The Indian government has proposed taxing income from cryptocurrencies and other digital assets at 30%. India’s finance minister, Nirmala Sitharaman, said: “There’s been a phenomenal increase in a transaction in virtual digital assets … The magnitude and frequency of these transactions have made it imperative to provide for a specific tax regime.”
Indian Finance Minister Nirmala Sitharaman proposed taxing income from cryptocurrencies and other digital assets at 30% while presenting the federal budget Tuesday. She said:
I propose to provide that any income from the transfer of any virtual digital asset shall be taxed at the rate of 30%. No deduction in respect of any expenditure or allowance shall be allowed while computing such income, except the cost of acquisition.
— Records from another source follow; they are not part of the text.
(* Using |Re z| + |Im z| rather than the modulus keeps all norms R-valued and
   makes the entrywise Re/Im convergence [mx_cvg] equivalent to convergence in
   [mxnorm1] (lemma [mx_cvgP]). *)
Definition normc1 (z : C) : R := `|complex.Re z| + `|complex.Im z|.

Lemma normc10 : normc1 0 = 0.
Proof. by rewrite /normc1 /= normr0 addr0. Qed.

Lemma normc1_ge0 z : 0 <= normc1 z.
Proof. by rewrite addr_ge0. Qed.

Lemma normc1D a b : normc1 (a + b) <= normc1 a + normc1 b.
Proof.
case: a b => a1 a2 [b1 b2]; rewrite /normc1 /= addrACA.
by apply: lerD; apply: ler_normD.
Qed.

Lemma normc1N z : normc1 (- z) = normc1 z.
Proof. by case: z => a b; rewrite /normc1 /= !normrN. Qed.

Lemma normc1M a b : normc1 (a * b) <= normc1 a * normc1 b.
Proof.
case: a b => a1 a2 [b1 b2]; rewrite /normc1 /= mulrDr !mulrDl -!normrM.
have := ler_normB (a1 * b1) (a2 * b2); have := ler_normD (a1 * b2) (a2 * b1).
lra.
Qed.

Lemma normc1_eq0 z : normc1 z = 0 -> z = 0.
Proof.
case: z => a b /eqP; rewrite /normc1 /= paddr_eq0 // !normr_eq0.
by case/andP=> /eqP-> /eqP->.
Qed.

Lemma normc1_Re z : `|complex.Re z| <= normc1 z.
Proof. by rewrite lerDl. Qed.

Lemma normc1_Im z : `|complex.Im z| <= normc1 z.
Proof. by rewrite lerDr. Qed.

Lemma normc1_natV n : normc1 (n%:R^-1) = n%:R^-1.
Proof.
rewrite -(rmorph_nat (real_complex R)) -fmorphV /normc1 /= normr0 addr0.
by rewrite ger0_norm // invr_ge0.
Qed.

Lemma normc1_sum (I : finType) (f : I -> C) :
  normc1 (\sum_i f i) <= \sum_i normc1 (f i).
Proof.
elim/big_rec2: _ => [|i y1 y2 _ IH]; first by rewrite normc10.
by apply: le_trans (normc1D _ _) _; rewrite lerD2l.
Qed.

Definition mxnorm1 p q (M : 'M[C]_(p, q)) : R := \sum_i \sum_j normc1 (M i j).

Lemma mxnorm1_ge0 p q (M : 'M[C]_(p, q)) : 0 <= mxnorm1 M.
Proof. by do 2![apply: sumr_ge0 => ? _]; exact: normc1_ge0. Qed.

Lemma mxnorm1_entry p q (M : 'M[C]_(p, q)) i j : normc1 (M i j) <= mxnorm1 M.
Proof.
rewrite /mxnorm1 (bigD1 i) //= (bigD1 j) //= -addrA lerDl addr_ge0 //.
  by apply: sumr_ge0 => *; exact: normc1_ge0.
by do 2![apply: sumr_ge0 => ? _]; exact: normc1_ge0.
Qed.

Lemma mxnorm1_eq0 p q (M : 'M[C]_(p, q)) : mxnorm1 M = 0 -> M = 0.
Proof.
move=> M0; apply/matrixP => i j; rewrite mxE; apply: normc1_eq0.
by apply/le_anti; rewrite normc1_ge0 -M0 mxnorm1_entry.
Qed.

Lemma mxnorm1D p q (M N : 'M[C]_(p, q)) : mxnorm1 (M + N) <= mxnorm1 M + mxnorm1 N.
Proof.
rewrite /mxnorm1 -big_split; apply: ler_sum => i _.
rewrite -big_split; apply: ler_sum => j _; rewrite mxE; exact: normc1D.
Qed.

Lemma mxnorm1N p q (M : 'M[C]_(p, q)) : mxnorm1 (- M) = mxnorm1 M.
Proof. by apply: eq_bigr => i _; apply: eq_bigr => j _; rewrite mxE normc1N. Qed.

Lemma mxnorm1B p q (M N : 'M[C]_(p, q)) : mxnorm1 (M - N) <= mxnorm1 M + mxnorm1 N.
Proof. by rewrite -(mxnorm1N N); exact: mxnorm1D. Qed.

Lemma mxnorm1Z p q a (M : 'M[C]_(p, q)) : mxnorm1 (a *: M) <= normc1 a * mxnorm1 M.
Proof.
rewrite /mxnorm1 mulr_sumr; apply: ler_sum => i _.
rewrite mulr_sumr; apply: ler_sum => j _; rewrite mxE; exact: normc1M.
Qed.

Lemma mxnorm1M p q r (M : 'M[C]_(p, q)) (N : 'M[C]_(q, r)) :
  mxnorm1 (M *m N) <= mxnorm1 M * mxnorm1 N.
Proof.
rewrite /mxnorm1 mulr_suml; apply: ler_sum => i _.
apply: (@le_trans _ _ (\sum_j \sum_k normc1 (M i k) * normc1 (N k j))).
  apply: ler_sum => j _; rewrite mxE; apply: le_trans (normc1_sum _) _.
  by apply: ler_sum => k _; exact: normc1M.
rewrite exchange_big mulr_suml; apply: ler_sum => k _; rewrite -mulr_sumr.
rewrite ler_wpM2l ?normc1_ge0 // /mxnorm1 (bigD1 k) //= lerDl.
by do 2![apply: sumr_ge0 => ? _]; exact: normc1_ge0.
Qed.

Lemma mxnorm1_sum p q (I : finType) (F : I -> 'M[C]_(p, q)) :
  mxnorm1 (\sum_i F i) <= \sum_i mxnorm1 (F i).
Proof.
elim/big_rec2: _ => [|i y1 y2 _ IH]; last first.
  by apply: le_trans (mxnorm1D _ _) _; rewrite lerD2l.
by rewrite /mxnorm1 big1 // => i _; rewrite big1 // => j _; rewrite mxE normc10.
Qed.

Lemma mxnorm1X n (X : 'M[C]_n) k :
  mxnorm1 (X ^+ k) <= mxnorm1 (1%:M : 'M[C]_n) * mxnorm1 X ^+ k.
Proof.
elim: k => [|k IH]; first by rewrite !expr0 mulr1.
rewrite !exprSr mulrA; apply: le_trans (mxnorm1M _ _) _.
by rewrite ler_wpM2r ?mxnorm1_ge0.
Qed.

End EntrywiseNorm.

Section NormConvergence.
Variable R : realType.
Local Notation C := R[i].

Definition mxnorm_cvg p q (u : nat -> 'M[C]_(p, q)) (L : 'M[C]_(p, q)) : Prop :=
  (fun n => mxnorm1 (u n - L)) @ \oo --> (0 : R).

Lemma mx_cvgP p q (u : nat -> 'M[C]_(p, q)) L : mx_cvg u L <-> mxnorm_cvg u L.
Proof.
split=> [uL | uL i j].
  apply: cvg_sum0 => i; apply: cvg_sum0 => j; have [Re_cvg Im_cvg] := uL i j.
  have Re0 : `|complex.Re (u n i j) - complex.Re (L i j)| @[n --> \oo] --> 0.
    exact/norm_cvg0P/subr_cvg0.
  have Im0 : `|complex.Im (u n i j) - complex.Im (L i j)| @[n --> \oo] --> 0.
    exact/norm_cvg0P/subr_cvg0.
  under eq_cvg do rewrite !mxE /normc1 ReB ImB.
  by have /(_ _) := cvgD Re0 Im0; rewrite addr0.
split; apply/subr_cvg0/norm_cvg0P; apply: squeeze_cvgr0 uL => n;
  rewrite normr_ge0 (le_trans _ (mxnorm1_entry _ i j)) // !mxE.
- by rewrite -ReB normc1_Re.
- by rewrite -ImB normc1_Im.
Qed.

Section Properties.
Variables (p q : nat).
Implicit Types (u : nat -> 'M[C]_(p, q)) (L : 'M[C]_(p, q)).

Lemma eq_mxnorm_cvg u1 u2 L : u1 =1 u2 -> mxnorm_cvg u1 L -> mxnorm_cvg u2 L.
Proof. by move=> /funext->. Qed.

Lemma mxnorm_cvg_shift u L : mxnorm_cvg u L -> mxnorm_cvg (fun n => u n.+1) L.
Proof. by rewrite /mxnorm_cvg -(cvg_shiftS (fun n => mxnorm1 (u n - L))). Qed.

Lemma mxnorm_cvgZ u L a : mxnorm_cvg u L -> mxnorm_cvg (fun n => a *: u n) (a *: L).
Proof.
move=> uL; apply: squeeze_cvgr0 (cvgMl0 (normc1 a) uL) => n.
by rewrite mxnorm1_ge0 -scalerBr mxnorm1Z.
Qed.

Lemma mxnorm_cvg_affine r (B : 'M[C]_(r, q)) (X : 'M[C]_(r, p)) u L :
  mxnorm_cvg u L -> mxnorm_cvg (fun n => B + X *m u n) (B + X *m L).
Proof.
move=> uL; apply: squeeze_cvgr0 (cvgMl0 (mxnorm1 X) uL) => n.
by rewrite mxnorm1_ge0 opprD addrACA subrr add0r -mulmxN -mulmxDr mxnorm1M.
Qed.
“There’s been a phenomenal increase in transactions in virtual digital assets,” the finance minister added. “The magnitude and frequency of these transactions have made it imperative to provide for a specific tax regime.”
The tax proposal puts cryptocurrencies and non-fungible tokens (NFTs) in India’s highest tax band.
Harish Prasad, head of banking, India, FIS, was quoted as saying: “This has been a much-awaited announcement in the context of the interest and growth in investments into these assets. The uncertainty and concerns on the legal, regulatory and tax status of cryptocurrencies are addressed to a reasonable extent by virtue of this announcement.”
Avinash Shekhar, the CEO of crypto exchange Zebpay, commented:
Thirty per cent tax on income from virtual digital assets, while high, is a positive step as it legitimizes crypto and hints at an optimistic sentiment towards further acceptance of crypto and NFTs.
Nischal Shetty, the CEO of crypto exchange Wazirx, commented: “We also hope this development removes any ambiguity for banks and they can provide financial services to the crypto industry.”
However, tax consultants warned that individuals could end up paying more than 30% of their crypto profits in tax and other charges. Amit Maheshwari, the partner at tax consulting firm AKM Global, told Reuters: “If you made a profit of 100 rupees then including the 30% tax bracket, plus surcharge and cess the total tax outgo will be around 42 rupees.”
Another announcement the Indian finance minister made Tuesday was about the launch of the country’s central bank digital currency (CBDC), the digital rupee. She said the central bank, the Reserve Bank of India (RBI), will introduce a digital currency starting in the financial year 2022-23, stating:
The introduction of a central bank digital currency will give a big boost to the digital economy. Digital currency will also lead to a more efficient and cheaper currency management system.